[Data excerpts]

· · · · ·

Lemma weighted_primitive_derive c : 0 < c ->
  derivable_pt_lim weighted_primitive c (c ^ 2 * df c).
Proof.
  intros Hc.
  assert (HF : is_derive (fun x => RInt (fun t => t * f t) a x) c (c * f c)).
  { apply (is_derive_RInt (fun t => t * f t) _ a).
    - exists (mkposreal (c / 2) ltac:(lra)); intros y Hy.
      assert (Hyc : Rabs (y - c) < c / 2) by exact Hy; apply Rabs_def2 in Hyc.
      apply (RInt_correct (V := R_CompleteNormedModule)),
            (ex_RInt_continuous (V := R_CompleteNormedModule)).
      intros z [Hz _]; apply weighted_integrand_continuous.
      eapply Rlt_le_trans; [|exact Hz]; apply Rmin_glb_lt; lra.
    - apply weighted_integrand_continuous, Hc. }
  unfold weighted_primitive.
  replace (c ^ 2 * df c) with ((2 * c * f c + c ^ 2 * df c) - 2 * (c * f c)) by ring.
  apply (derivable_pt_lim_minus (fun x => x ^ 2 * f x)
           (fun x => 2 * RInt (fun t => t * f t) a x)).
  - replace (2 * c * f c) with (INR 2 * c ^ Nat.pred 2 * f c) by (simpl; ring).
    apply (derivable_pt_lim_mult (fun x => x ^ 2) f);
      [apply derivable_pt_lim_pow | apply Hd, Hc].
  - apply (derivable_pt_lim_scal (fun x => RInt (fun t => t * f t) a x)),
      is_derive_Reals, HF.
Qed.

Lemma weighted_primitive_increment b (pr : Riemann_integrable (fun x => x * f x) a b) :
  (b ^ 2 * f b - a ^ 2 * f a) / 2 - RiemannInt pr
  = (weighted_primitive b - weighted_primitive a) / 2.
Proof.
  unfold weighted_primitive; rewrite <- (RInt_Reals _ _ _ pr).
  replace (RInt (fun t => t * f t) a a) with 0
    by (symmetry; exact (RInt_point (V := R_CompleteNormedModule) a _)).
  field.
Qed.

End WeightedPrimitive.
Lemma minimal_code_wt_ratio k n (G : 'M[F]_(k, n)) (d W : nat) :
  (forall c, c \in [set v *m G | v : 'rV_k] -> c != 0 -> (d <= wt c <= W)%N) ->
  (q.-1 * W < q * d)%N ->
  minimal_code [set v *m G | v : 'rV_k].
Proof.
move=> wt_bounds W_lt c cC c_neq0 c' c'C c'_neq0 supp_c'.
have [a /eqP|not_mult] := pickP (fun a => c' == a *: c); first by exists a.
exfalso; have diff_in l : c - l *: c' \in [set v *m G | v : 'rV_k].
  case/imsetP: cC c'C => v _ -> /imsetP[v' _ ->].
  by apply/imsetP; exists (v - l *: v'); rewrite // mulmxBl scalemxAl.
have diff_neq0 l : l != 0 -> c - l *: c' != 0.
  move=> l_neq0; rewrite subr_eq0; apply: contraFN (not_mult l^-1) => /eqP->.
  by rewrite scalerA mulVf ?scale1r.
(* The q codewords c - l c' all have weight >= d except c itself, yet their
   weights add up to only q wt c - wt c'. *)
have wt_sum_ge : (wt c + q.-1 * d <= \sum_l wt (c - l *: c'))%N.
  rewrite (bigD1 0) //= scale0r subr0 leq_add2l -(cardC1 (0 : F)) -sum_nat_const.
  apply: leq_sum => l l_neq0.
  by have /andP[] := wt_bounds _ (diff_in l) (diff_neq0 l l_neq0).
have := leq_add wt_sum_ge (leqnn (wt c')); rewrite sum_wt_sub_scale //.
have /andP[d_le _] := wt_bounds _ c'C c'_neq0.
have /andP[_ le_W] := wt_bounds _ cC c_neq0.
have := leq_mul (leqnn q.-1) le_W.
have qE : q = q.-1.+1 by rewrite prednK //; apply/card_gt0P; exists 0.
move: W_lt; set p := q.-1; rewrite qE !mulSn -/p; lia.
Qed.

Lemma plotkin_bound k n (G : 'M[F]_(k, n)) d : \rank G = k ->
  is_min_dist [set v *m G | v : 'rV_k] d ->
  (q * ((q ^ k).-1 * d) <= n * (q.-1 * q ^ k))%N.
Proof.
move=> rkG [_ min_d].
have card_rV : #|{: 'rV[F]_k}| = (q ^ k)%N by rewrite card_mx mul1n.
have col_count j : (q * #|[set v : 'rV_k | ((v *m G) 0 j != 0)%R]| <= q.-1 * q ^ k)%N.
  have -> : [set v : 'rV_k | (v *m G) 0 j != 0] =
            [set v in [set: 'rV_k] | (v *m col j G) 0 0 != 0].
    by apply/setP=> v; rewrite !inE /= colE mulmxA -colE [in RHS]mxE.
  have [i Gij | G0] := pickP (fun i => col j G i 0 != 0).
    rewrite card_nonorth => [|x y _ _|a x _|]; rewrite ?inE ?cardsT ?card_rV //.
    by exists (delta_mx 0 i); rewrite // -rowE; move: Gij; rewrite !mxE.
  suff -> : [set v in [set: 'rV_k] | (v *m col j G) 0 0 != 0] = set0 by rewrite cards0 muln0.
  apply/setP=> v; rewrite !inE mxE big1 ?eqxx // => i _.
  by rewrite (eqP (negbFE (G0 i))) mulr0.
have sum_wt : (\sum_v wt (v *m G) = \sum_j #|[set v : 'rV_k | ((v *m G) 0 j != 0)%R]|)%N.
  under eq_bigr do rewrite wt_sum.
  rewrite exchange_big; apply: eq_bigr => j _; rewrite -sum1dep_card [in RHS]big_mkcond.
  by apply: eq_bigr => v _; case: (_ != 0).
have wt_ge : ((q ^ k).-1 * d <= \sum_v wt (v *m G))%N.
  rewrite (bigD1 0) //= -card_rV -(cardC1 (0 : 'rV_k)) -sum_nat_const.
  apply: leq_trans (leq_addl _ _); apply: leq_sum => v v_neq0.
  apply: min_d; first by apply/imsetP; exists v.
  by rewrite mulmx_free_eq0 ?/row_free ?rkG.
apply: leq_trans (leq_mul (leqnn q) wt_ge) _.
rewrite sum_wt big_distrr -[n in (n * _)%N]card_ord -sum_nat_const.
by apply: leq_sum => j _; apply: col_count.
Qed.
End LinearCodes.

· · · · ·

• About this task: Would you print exactly the lines from the first line of the entries above through the line that has "(forall c, c", both included, and stop there?

• Answer to the exercise:
Lemma weighted_primitive_derive c : 0 < c ->
  derivable_pt_lim weighted_primitive c (c ^ 2 * df c).
Proof.
  intros Hc.
  assert (HF : is_derive (fun x => RInt (fun t => t * f t) a x) c (c * f c)).
  { apply (is_derive_RInt (fun t => t * f t) _ a).
    - exists (mkposreal (c / 2) ltac:(lra)); intros y Hy.
      assert (Hyc : Rabs (y - c) < c / 2) by exact Hy; apply Rabs_def2 in Hyc.
      apply (RInt_correct (V := R_CompleteNormedModule)),
            (ex_RInt_continuous (V := R_CompleteNormedModule)).
      intros z [Hz _]; apply weighted_integrand_continuous.
      eapply Rlt_le_trans; [|exact Hz]; apply Rmin_glb_lt; lra.
    - apply weighted_integrand_continuous, Hc. }
  unfold weighted_primitive.
  replace (c ^ 2 * df c) with ((2 * c * f c + c ^ 2 * df c) - 2 * (c * f c)) by ring.
  apply (derivable_pt_lim_minus (fun x => x ^ 2 * f x)
           (fun x => 2 * RInt (fun t => t * f t) a x)).
  - replace (2 * c * f c) with (INR 2 * c ^ Nat.pred 2 * f c) by (simpl; ring).
    apply (derivable_pt_lim_mult (fun x => x ^ 2) f);
      [apply derivable_pt_lim_pow | apply Hd, Hc].
  - apply (derivable_pt_lim_scal (fun x => RInt (fun t => t * f t) a x)),
      is_derive_Reals, HF.
Qed.

Lemma weighted_primitive_increment b (pr : Riemann_integrable (fun x => x * f x) a b) :
  (b ^ 2 * f b - a ^ 2 * f a) / 2 - RiemannInt pr
  = (weighted_primitive b - weighted_primitive a) / 2.
Proof.
  unfold weighted_primitive; rewrite <- (RInt_Reals _ _ _ pr).
  replace (RInt (fun t => t * f t) a a) with 0
    by (symmetry; exact (RInt_point (V := R_CompleteNormedModule) a _)).
  field.
Qed.

End WeightedPrimitive.
Lemma minimal_code_wt_ratio k n (G : 'M[F]_(k, n)) (d W : nat) :
  (forall c, c \in [set v *m G | v : 'rV_k] -> c != 0 -> (d <= wt c <= W)%N) ->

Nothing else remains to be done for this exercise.